Antiquity of the European mutation rate change

The 1000 Genomes Phase I dataset contains samples from five European sub-populations: Italians (TSI), Spanish (IBS), Utah residents of European descent (CEU), British (GBR), and Finnish (FIN). All of these populations have elevated TCC→T frequencies, suggesting that the European mutation rate changed before subpopulations diversified across the continent. To assess this, I let Ptotal denote the combined set of private variants from PE, PAs, and PAf, and for each haplotype h let Ptotal(h) denote the subset of P_total whose derived alleles are found on haplotype h. f_h(TCC) then denotes the frequency of TCC→T within P_total(h). For each 1000 Genomes population P, Figure 2 shows the distribution of f_h(TCC) across all haplotypes h sampled from P, and it can be seen that the distribution of f (TCC) values found in Europe does not overlap with the distributions from Asia and Africa. In contrast, the four admixed populations ASW (African Americans), MXL (Mexicans), PUR (Puerto Ricans), and CLM (Colombians) display broader ranges of f (TCC) with extremes overlapping both the European and non-European distributions. The African American f (TCC) values are only slightly higher on average than the non-admixed African values, but a few African American individuals have much higher f (TCC) values in the middle of the admixed American range, presumably because they have more European ancestry than the other African Americans who were sampled.

Fig. 2. Variation of f (TCC) within and between populations.

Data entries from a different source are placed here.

Lemma periodic_injective_circle_surjective (x y : R -> R) (T r : R) :
  0 < T -> 0 < r -> continuity x -> continuity y ->
  (forall t, x (t + T) = x t /\ y (t + T) = y t) ->
  (forall s t, 0 <= s < T -> 0 <= t < T -> x s = x t -> y s = y t -> s = t) ->
  (forall t, x t ^ 2 + y t ^ 2 = r ^ 2) ->
  forall c s, c ^ 2 + s ^ 2 = 1 -> exists t, x t = r * c /\ y t = r * s.
Proof.
  intros HT Hr Hx Hy Hper Hinj Hcirc c s Hcs.
  apply NNPP; intro Hmiss.
  (* coordinates rotated so that the missed point becomes (r, 0) *)
  set (X t := x t * c + y t * s).
  set (Y t := - x t * s + y t * c).
  assert (HXY : forall t, X t ^ 2 + Y t ^ 2 = r ^ 2).
  { intro t. rewrite <- (Hcirc t), <- (Rmult_1_r (x t ^ 2 + y t ^ 2)), <- Hcs.
    unfold X, Y; ring. }
  assert (Hx_rot : forall t, x t = X t * c - Y t * s).
  { intro t. unfold X, Y. rewrite <- (Rmult_1_r (x t)) at 1. rewrite <- Hcs. ring. }
  assert (Hy_rot : forall t, y t = X t * s + Y t * c).
  { intro t. unfold X, Y. rewrite <- (Rmult_1_r (y t)) at 1. rewrite <- Hcs. ring. }
  assert (HX : forall t, X t <> r).
  { intros t E. apply Hmiss. exists t.
    assert (HY : Y t = 0) by (specialize (HXY t); rewrite E in HXY; nra).
    rewrite Hx_rot, Hy_rot, E, HY. split; ring. }
  apply (periodic_not_injective (fun t => Y t / (r - X t)) T).
  - apply continuity_div; unfold X, Y; [continuity_auto..|].
    intro t. specialize (HX t). unfold X in HX. lra.
  - exact HT.
  - destruct (Hper 0) as [P1 P2]. rewrite Rplus_0_l in P1, P2.
    unfold X, Y; rewrite P1, P2; reflexivity.
  - intros t1 t2 H1 H2 E.
    destruct (stereographic_injective r (X t1) (Y t1) (X t2) (Y t2)) as [EX EY]; auto.
    apply Hinj; auto; [rewrite Hx_rot, (Hx_rot t2)|rewrite Hy_rot, (Hy_rot t2)];
      rewrite EX, EY; reflexivity.
Qed.

Lemma cos_sin_injective (s t : R) : 0 <= s < 2 * PI -> 0 <= t < 2 * PI ->
  cos s = cos t -> sin s = sin t -> s = t.
Proof.
  intros Hs Ht Hc Hsn.
  assert (S0 : sin (s - t) = 0) by (rewrite sin_minus, Hc, Hsn; ring).
  assert (C1 : cos (s - t) = 1) by (rewrite cos_minus, Hc, Hsn, Rplus_comm; apply sin2_cos2).
  destruct (sin_eq_0_0 _ S0) as [k Hk].
  pose proof PI_RGT_0.
  assert (Hk2 : IZR k < 2) by (apply (Rmult_lt_reg_r PI); lra).
  assert (Hk2' : -2 < IZR k) by (apply (Rmult_lt_reg_r PI); lra).
  apply lt_IZR in Hk2, Hk2'.
  assert (Hk3 : k = (-1)%Z \/ k = 0%Z \/ k = 1%Z) by lia.
  destruct Hk3 as [-> | [-> | ->]].
  - rewrite Hk in C1. replace (IZR (-1) * PI) with (- PI) in C1 by (simpl; ring).
    rewrite cos_neg, cos_PI in C1. lra.
  - simpl in Hk. lra.
  - rewrite Hk, Rmult_1_l, cos_PI in C1. lra.
Qed.

Lemma cos2_sin2 (t : R) : cos t ^ 2 + sin t ^ 2 = 1.
Proof. rewrite <- (sin2_cos2 t). unfold Rsqr. ring. Qed.
(* Energy estimate: [E = \sum_i w_i ^ 2] satisfies [E' <= 2 M E]. *)
Lemma linear_ode_eq0 {G : 'M[R]_d} {w : R -> vec} :
  (forall s, is_derive s (1 : R) w (G *m w s)) -> w 0 = 0 ->
  forall t, 0 <= t -> w t = 0.
Proof.
move=> Dw w0 t t_ge0.
pose E s := \sum_(i <- index_enum 'I_d) w s i 0 * w s i 0.
pose dE s := \sum_(i <- index_enum 'I_d) (w s i 0 * (G *m w s) i 0 + w s i 0 * (G *m w s) i 0).
pose M := \sum_(i <- index_enum 'I_d) \sum_(l <- index_enum 'I_d) `|G i l|.
have DE s : is_derive s (1 : R) E (dE s).
  apply: (@is_derive_sum_seq _ _ _ (fun i y => w y i 0 * w y i 0)
    (fun i y => w y i 0 * (G *m w y) i 0 + w y i 0 * (G *m w y) i 0)) => i.
  have Di := (is_derive_mxP _ _ _).1 (Dw s) i 0.
  by have := is_deriveM Di Di; apply: is_derive_ext.
have E_ge0 s : 0 <= E s by apply: sumr_ge0 => i _; rewrite -expr2 sqr_ge0.
have sqr_le_E s i : w s i 0 ^+ 2 <= E s.
  rewrite /E (bigD1_seq i) ?mem_index_enum ?index_enum_uniq //= expr2 lerDl.
  by apply: sumr_ge0 => l _; rewrite -expr2 sqr_ge0.
have dE_le s : dE s <= (M + M) * E s.
  rewrite /dE big_split /= mulrDl.
  suff half : \sum_(i <- index_enum 'I_d) w s i 0 * (G *m w s) i 0 <= M * E s by apply: lerD.
  rewrite /M mulr_suml; apply: ler_sum => i _; rewrite mxE mulr_sumr mulr_suml.
  apply: ler_sum => l _; rewrite mulrCA; exact: mul_sqr_bound.
have Et := deriv_le_scale_eq0 DE E_ge0 dE_le _ t t_ge0.
apply/matrixP => i l; rewrite (ord1 l) mxE; apply/eqP; rewrite -sqrf_eq0 eq_le sqr_ge0 andbT.
by rewrite -(Et _) ?sqr_le_E // /E w0 big1 // => k _; rewrite mxE mul0r.
Qed.

(* Uniqueness for the linear equation satisfied by the difference of a
   solution and an affine combination of two others. *)
Lemma is_flow_affine_comb {G : 'M[R]_d} {c : vec} {g : vec -> vec} {t th : R} {a a' b b' e' : vec} :
  (forall x, g x = G *m x + c) -> 0 <= t ->
  is_flow g t a a' -> is_flow g t b b' -> is_flow g t ((1 - th) *: a + th *: b) e' ->
  e' = (1 - th) *: a' + th *: b'.
Proof.
move=> gE t_ge0 [X [X0 [Xt DX]]] [Y [Y0 [Yt DY]]] [Z [Z0 [Zt DZ]]].
pose v s := Z s - ((1 - th) *: X s + th *: Y s).
have Dv s : is_derive s (1 : R) v (G *m v s).
  have := is_deriveB (DZ s) (is_deriveD (is_deriveZ (1 - th) (DX s)) (is_deriveZ th (DY s))).
  rewrite (_ : g (Z s) - _ = G *m v s); first by apply: is_derive_ext.
  rewrite !gE /v mulmxBr mulmxDr -!scalemxAr.
  by apply/matrixP => i l; rewrite !mxE; ring.
have v0 : v 0 = 0 by rewrite /v X0 Y0 Z0 subrr.
have := linear_ode_eq0 Dv v0 t t_ge0.
by rewrite /v Xt Yt Zt => /eqP; rewrite subr_eq0 => /eqP.
Qed.

Lemma components_affine_mx {g : vec -> vec} : (forall j, component_affine g j) ->
  exists (G : 'M[R]_d) (c : vec), forall x, g x = G *m x + c.
Proof.
move=> g_aff; have ac_ex j : exists p : vec * R, forall x, g x j 0 = (p.1^T *m x) 0 0 + p.2.
  by have [a [c ac]] := g_aff j; exists (a, c).
have [ac ac_g] := choice ac_ex.
exists (\matrix_(j, i) (ac j).1 i 0), (\col_j (ac j).2) => x.
apply/matrixP => j l; rewrite (ord1 l) ac_g !mxE; congr (_ + _).
by apply: eq_bigr => i _; rewrite !mxE.
Qed.

Lemma comp_flow_affine_comb {s : seq ((vec -> vec) * R)} {th : R} {a a' b b' e' : vec} :
  (forall p, p \in s -> (exists (G : 'M[R]_d) (c : vec), p.1 =1 fun x => G *m x + c) /\ 0 <= p.2) ->
  comp_flow s a a' -> comp_flow s b b' -> comp_flow s ((1 - th) *: a + th *: b) e' ->
  e' = (1 - th) *: a' + th *: b'.
Proof.
elim: s a b => [|[g t] s IH] a b /= s_aff; first by move=> <- <- <-.
move=> [a1 [ga sa]] [b1 [gb sb]] [e1 [ge se]].
have [[G [c gE]] t_ge0] := s_aff (g, t) (mem_head _ _).
apply: IH sa sb _ => [p ps|]; first by apply: s_aff; rewrite in_cons ps orbT.
by rewrite -(is_flow_affine_comb gE t_ge0 ga gb ge).
Qed.

Lemma affine_no_exact_interpolation (F : set (vec -> vec)) : (2 <= d)%N ->
  (forall f, F f -> forall j, component_affine f j) -> ~ exact_universal_interpolation F.
Proof.
move=> d2 F_aff EUI.
pose i0 : 'I_d := Ordinal (ltnW d2); pose i1 : 'I_d := Ordinal d2.
pose xs (i : 'I_3) : vec := i%:R *: delta_mx i0 0.
pose ys (i : 'I_3) : vec :=
  (i == 1 :> nat)%:R *: delta_mx i0 0 + (i == 2 :> nat)%:R *: delta_mx i1 0.
have ys_i1 i : ys i i1 0 = (i == 2 :> nat)%:R by rewrite !mxE /= mulr0 add0r mulr1.
have xs_inj : injective xs.
  move=> i i' /(congr1 (fun v : vec => v i0 0)); rewrite !mxE /= !mulr1.
  by move/eqP; rewrite eqr_nat => /eqP /val_inj.
have ys_inj : injective ys.
  move=> i i' /[dup] /(congr1 (fun v : vec => v i0 0)) + /(congr1 (fun v : vec => v i1 0)).
  rewrite !mxE /= !mulr1 !mulr0 !addr0 !add0r => /eqP + /eqP; rewrite !eqr_nat.
  by move: i i' => [[|[|[|?]]] ?] [[|[|[|?]]] ?] //= _ _; apply: val_inj.
have [s [_ [F_s s_flow]]] := EUI 3%N isT xs ys xs_inj ys_inj.
have s_aff p : p \in s -> (exists G c, p.1 =1 fun x => G *m x + c) /\ 0 <= p.2.
  move=> /F_s [Fp t_ge0]; split=> //.
  by have [G [c gE]] := components_affine_mx (F_aff _ Fp); exists G, c.
have xs2 : xs 2 = (1 - 2) *: xs 0 + 2 *: xs 1.
  by apply/matrixP => i l; rewrite !mxE /= !modn_small //; ring.
have := s_flow 2; rewrite xs2 => /(comp_flow_affine_comb s_aff (s_flow 0) (s_flow 1)).
have comb_i1 : ((1 - 2) *: ys 0 + 2 *: ys 1) i1 0 = 0 by rewrite !mxE /=; ring.
by move=> /(congr1 (fun v : vec => v i1 0)) /eqP; rewrite ys_i1 comb_i1 oner_eq0.
Qed.

End AffineFlows.

Theorem theorem2p6 (R : realType) (d : nat) (F : set ('cV[R]_d -> 'cV[R]_d)) :
  (2 <= d)%N ->
  (forall f, F f -> globally_lipschitz f) ->
  affine_invariant F ->
  (exact_universal_interpolation F <->
   exists f, F f /\ exists j : 'I_d, ~ component_affine f j).
Proof.
move=> d2 lipschitz F_aff; split => [EUI | [f [Ff [j nonaffine]]]].
  apply: contrapT => all_affine; apply: (affine_no_exact_interpolation F d2 _ EUI) => f Ff j.
  by apply: contrapT => nonaffine; apply: all_affine; exists f; split => //; exists j.
have [K fL] := lipschitz f Ff.
exact: nonaffine_exact_interpolation F f j K F_aff Ff fL nonaffine d2.
Qed.
(* Let $\mathcal{G}$ be a nonatomic aggregative game as in the context satisfying Assumptions (N1), (N2), (N3), with cost functions of the form $f_\theta(\bm{x}_\theta,\bm{X})=\langle\bm{x}_\theta,\mathbf{c}(\bm{X})\rangle-u_\theta(\bm{x}_\theta)$, where $\mathbf{c}$ is a monotone map on $\mathcal{M}$ (i.e. $\langle\mathbf{c}(\bm{X})-\mathbf{c}(\bm{Y}),\bm{X}-\bm{Y}\rangle\ge0$) and each $u_\theta$ is concave on $\mathcal{M}$. Then: (1) $\mathcal{G}$ is monotone; (2) if $u_\theta$ is strictly concave on $\mathcal{M}$ for every $\theta$, then $\mathcal{G}$ is strictly monotone; (3) if $\mathbf{c}$ is strictly monotone on $\mathcal{M}$, then $\mathcal{G}$ is aggregatively strictly monotone; (4) if each $u_\theta$ is strongly concave on $\mathcal{M}$ with modulus $\alpha_\theta$ and $\inf_\theta\alpha_\theta=\alpha>0$, then $\mathcal{G}$ is strongly monotone with modulus $\alpha$; (5) if $\mathbf{c}$ is strongly monotone on $\mathcal{M}$ with modulus $\beta$, then $\mathcal{G}$ is aggregatively strongly monotone with modulus $\beta$.
   Context: Nonatomic game: $T\ge1$, $\Theta=[0,1]$ with Lebesgue measure; player $\theta$ has pure-action set $\mathcal{X}_\theta\subset\mathbb{R}^T$ and cost $f_\theta(\bm{x}_\theta,\bm{X})$, $\bm{X}$ the aggregate. $\mathcal{X}=\{\bm{x}\in L^2([0,1],\mathbb{R}^T):\bm{x}_\theta\in\mathcal{X}_\theta\text{ a.e.}\}$, $\int\bm{x}=(\int_0^1x_{\theta,t}d\theta)_t$, $\mathcal{S}=\{\int\bm{x}:\bm{x}\in\mathcal{X}\}$. Fix $M>0$, $\mathcal{M}=[0,M+1]^T$, $\mathcal{M}'$ a neighbourhood of $\mathcal{M}$. (N1) $\theta\mapsto\mathcal{X}_\theta$ has nonempty convex compact values, Borel graph, and $\mathcal{X}_\theta$ in the closed ball of radius $M$ about $0$. (N2) $f_\theta$ defined on $\mathcal{M}'^2$, bounded on $\mathcal{M}^2$; for each $\bm{Y}\in\mathcal{M}$: $(\theta,\bm{x})\mapsto f_\theta(\bm{x},\bm{Y})$ measurable on the graph of $\mathcal{X}$; $f_\theta(\cdot,\bm{Y})$ continuous and convex on $\mathcal{M}'$; subgradients in $\partial_1f_\theta(\bm{x},\bm{Y})$ (subdifferential in the first variable), $\bm{x},\bm{Y}\in\mathcal{M}$, are bounded in norm by a constant $B_f$. (N3) With $Br(\bm{Y})=\{\bm{x}\in\mathcal{X}:\bm{x}_\theta\in\arg\min_{\mathcal{X}_\theta}f_\theta(\cdot,\bm{Y})\,\forall\theta\}$ and $\mathcal{D}(\bm{x},\bm{Y})(\theta)=\{\mathbf{g}\in\partial_1f_\theta(\bm{x}_\theta,\bm{Y}):\langle\mathbf{g},\bm{y}-\bm{x}_\theta\rangle\ge0\,\forall\bm{y}\in\mathcal{X}_\theta\}$, for all $\bm{Y}\in\mathcal{S}$ and $\bm{x}\in Br(\bm{Y})$ the correspondence $\theta\mapsto\mathcal{D}(\bm{x},\bm{Y})(\theta)$ is measurable. $H(\bm{x})=\{\mathbf{g}\in L^2([0,1],\mathbb{R}^T):\mathbf{g}_\theta\in\partial_1f_\theta(\bm{x}_\theta,\int\bm{x})\text{ a.e.}\}$. For all $\bm{x},\bm{y}\in L^2([0,1],\mathcal{M})$, $\mathbf{g}\in H(\bm{x})$, $\mathbf{h}\in H(\bm{y})$, let $I=\int_\Theta\langle\mathbf{g}_\theta-\mathbf{h}_\theta,\bm{x}_\theta-\bm{y}_\theta\rangle d\theta$. The game is monotone if always $I\ge0$; strictly monotone if moreover $I=0$ only when $\bm{x}=\bm{y}$ a.e.; aggregatively strictly monotone if moreover $I=0$ only when $\int\bm{x}=\int\bm{y}$; strongly monotone with modulus $\alpha$ if $I\ge\alpha\|\bm{x}-\bm{y}\|_2^2$; aggregatively strongly monotone with modulus $\beta$ if $I\ge\beta\|\int\bm{x}-\int\bm{y}\|^2$. *)

From HB Require Import structures.
From mathcomp Require Import all_boot all_order all_algebra.
From mathcomp Require Import all_classical all_reals all_analysis.
Set Implicit Arguments. Unset Strict Implicit. Unset Printing Implicit Defensive.
Import Order.TTheory GRing.Theory Num.Theory numFieldNormedType.Exports.
Local Open Scope classical_set_scope.
Local Open Scope ring_scope.

Section NonatomicGame.
Context {R : realType} {T : nat}.
Local Notation vec := 'rV[R]_T.

Definition dotv (a b : vec) : R := \sum_(t < T) a ord0 t * b ord0 t.
Definition sqnorm (a : vec) : R := dotv a a.

Definition Theta : set R := `[0, 1]%classic.
Definition leb := @lebesgue_measure R.

Definition Mset (Mb : R) : set vec := [set X | forall t, 0 <= X ord0 t <= Mb + 1].

Definition nbhs_of_set (S Dom : set vec) : Prop :=
  exists U : set vec, [/\ open U, S `<=` U & U `<=` Dom].

Definition borel_sets (U : topologicalType) : set (set U) := <<s open >>.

This plot shows the distribution of f (TCC) within each 1000 Genomes population, i.e. the proportion of all derived variants from PA, PE, and PAf present in a particular genome that are ^mTCC mutations. There is a clear division between the low f (TCC) values of African and Asian genomes and the high f (TCC) values of European genomes. The slightly admixed African Americans and more strongly admixed Latin American populations have intermediate f (TCC) values reflecting partial European ancestry.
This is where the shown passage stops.